Material to process
%%
(* Let $(\Omega,\mathcal A)$ be a Borel space, $(\Omega,X_\bullet)$ a Borel field of metric spaces with Borel structure $\mathcal L(\Omega,X_\bullet)$, and $\mathcal D$ a fundamental family. Then $\mathcal L(\Omega,X_\bullet)=\{y_\bullet\in\mathcal S(\Omega,X_\bullet)\mid \omega\mapsto d_\omega(y_\omega,z_\omega)\text{ is Borel for every }z_\bullet\in\mathcal D\}$ $=\{y_\bullet\in\mathcal S(\Omega,X_\bullet)\mid y_\bullet\text{ is a pointwise limit of a sequence of countable Borel gluings of elements of }\mathcal D\}.$
   Context: Borel field of metric spaces: $(X_\omega,d_\omega)_{\omega\in\Omega}$ metric spaces; a section is $x_\bullet=(x_\omega)$, $x_\omega\in X_\omega$; $\mathcal S(\Omega,X_\bullet)$ the set of sections. A Borel structure is $\mathcal L(\Omega,X_\bullet)\subseteq\mathcal S(\Omega,X_\bullet)$ such that (a) $\omega\mapsto d_\omega(x_\omega,y_\omega)$ is Borel for all $x_\bullet,y_\bullet\in\mathcal L$; (b) if $y_\bullet\in\mathcal S$ and $\omega\mapsto d_\omega(x_\omega,y_\omega)$ is Borel for all $x_\bullet\in\mathcal L$, then $y_\bullet\in\mathcal L$; (c) there is a countable family $\mathcal D=\{x^n_\bullet\}\subseteq\mathcal L$ (a fundamental family) with $\{x^n_\omega\}_n$ dense in $X_\omega$ for every $\omega$. Pointwise limit of sections: $\omega\mapsto\lim_n x^n_\omega$ when all these limits exist. Countable Borel gluing of $(x^n_\bullet)$ along a Borel partition $\Omega=\bigsqcup_n\Omega_n$: the section equal to $x^n_\omega$ on $\Omega_n$. *)

From Stdlib Require Import Reals.
Open Scope R_scope.

Record sigma_algebra (Omega : Type) (A : (Omega -> Prop) -> Prop) : Prop := {
  sa_full  : A (fun _ => True);
  sa_compl : forall E, A E -> A (fun w => ~ E w);
  sa_union : forall E : nat -> Omega -> Prop,
      (forall n, A (E n)) -> A (fun w => exists n, E n w) }.

Definition R_open (U : R -> Prop) : Prop :=
  forall x, U x -> exists eps, 0 < eps /\ forall y, Rabs (y - x) < eps -> U y.

Definition borelR (B : R -> Prop) : Prop :=
  forall S : (R -> Prop) -> Prop,
    sigma_algebra R S -> (forall U, R_open U -> S U) -> S B.

Definition borel_fun {Omega : Type} (A : (Omega -> Prop) -> Prop)
  (f : Omega -> R) : Prop :=
  forall B, borelR B -> A (fun w => B (f w)).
%%
About this task
Using the listing above, reproduce each line without omission.

Answer space
(* Let $(\Omega,\mathcal A)$ be a Borel space, $(\Omega,X_\bullet)$ a Borel field of metric spaces with Borel structure $\mathcal L(\Omega,X_\bullet)$, and $\mathcal D$ a fundamental family. Then $\mathcal L(\Omega,X_\bullet)=\{y_\bullet\in\mathcal S(\Omega,X_\bullet)\mid \omega\mapsto d_\omega(y_\omega,z_\omega)\text{ is Borel for every }z_\bullet\in\mathcal D\}$ $=\{y_\bullet\in\mathcal S(\Omega,X_\bullet)\mid y_\bullet\text{ is a pointwise limit of a sequence of countable Borel gluings of elements of }\mathcal D\}.$
   Context: Borel field of metric spaces: $(X_\omega,d_\omega)_{\omega\in\Omega}$ metric spaces; a section is $x_\bullet=(x_\omega)$, $x_\omega\in X_\omega$; $\mathcal S(\Omega,X_\bullet)$ the set of sections. A Borel structure is $\mathcal L(\Omega,X_\bullet)\subseteq\mathcal S(\Omega,X_\bullet)$ such that (a) $\omega\mapsto d_\omega(x_\omega,y_\omega)$ is Borel for all $x_\bullet,y_\bullet\in\mathcal L$; (b) if $y_\bullet\in\mathcal S$ and $\omega\mapsto d_\omega(x_\omega,y_\omega)$ is Borel for all $x_\bullet\in\mathcal L$, then $y_\bullet\in\mathcal L$; (c) there is a countable family $\mathcal D=\{x^n_\bullet\}\subseteq\mathcal L$ (a fundamental family) with $\{x^n_\omega\}_n$ dense in $X_\omega$ for every $\omega$. Pointwise limit of sections: $\omega\mapsto\lim_n x^n_\omega$ when all these limits exist. Countable Borel gluing of $(x^n_\bullet)$ along a Borel partition $\Omega=\bigsqcup_n\Omega_n$: the section equal to $x^n_\omega$ on $\Omega_n$. *)

From Stdlib Require Import Reals.
Open Scope R_scope.

Record sigma_algebra (Omega : Type) (A : (Omega -> Prop) -> Prop) : Prop := {
  sa_full  : A (fun _ => True);
  sa_compl : forall E, A E -> A (fun w => ~ E w);
  sa_union : forall E : nat -> Omega -> Prop,
      (forall n, A (E n)) -> A (fun w => exists n, E n w) }.

Definition R_open (U : R -> Prop) : Prop :=
  forall x, U x -> exists eps, 0 < eps /\ forall y, Rabs (y - x) < eps -> U y.

Definition borelR (B : R -> Prop) : Prop :=
  forall S : (R -> Prop) -> Prop,
    sigma_algebra R S -> (forall U, R_open U -> S U) -> S B.

Definition borel_fun {Omega : Type} (A : (Omega -> Prop) -> Prop)
  (f : Omega -> R) : Prop :=
  forall B, borelR B -> A (fun w => B (f w)).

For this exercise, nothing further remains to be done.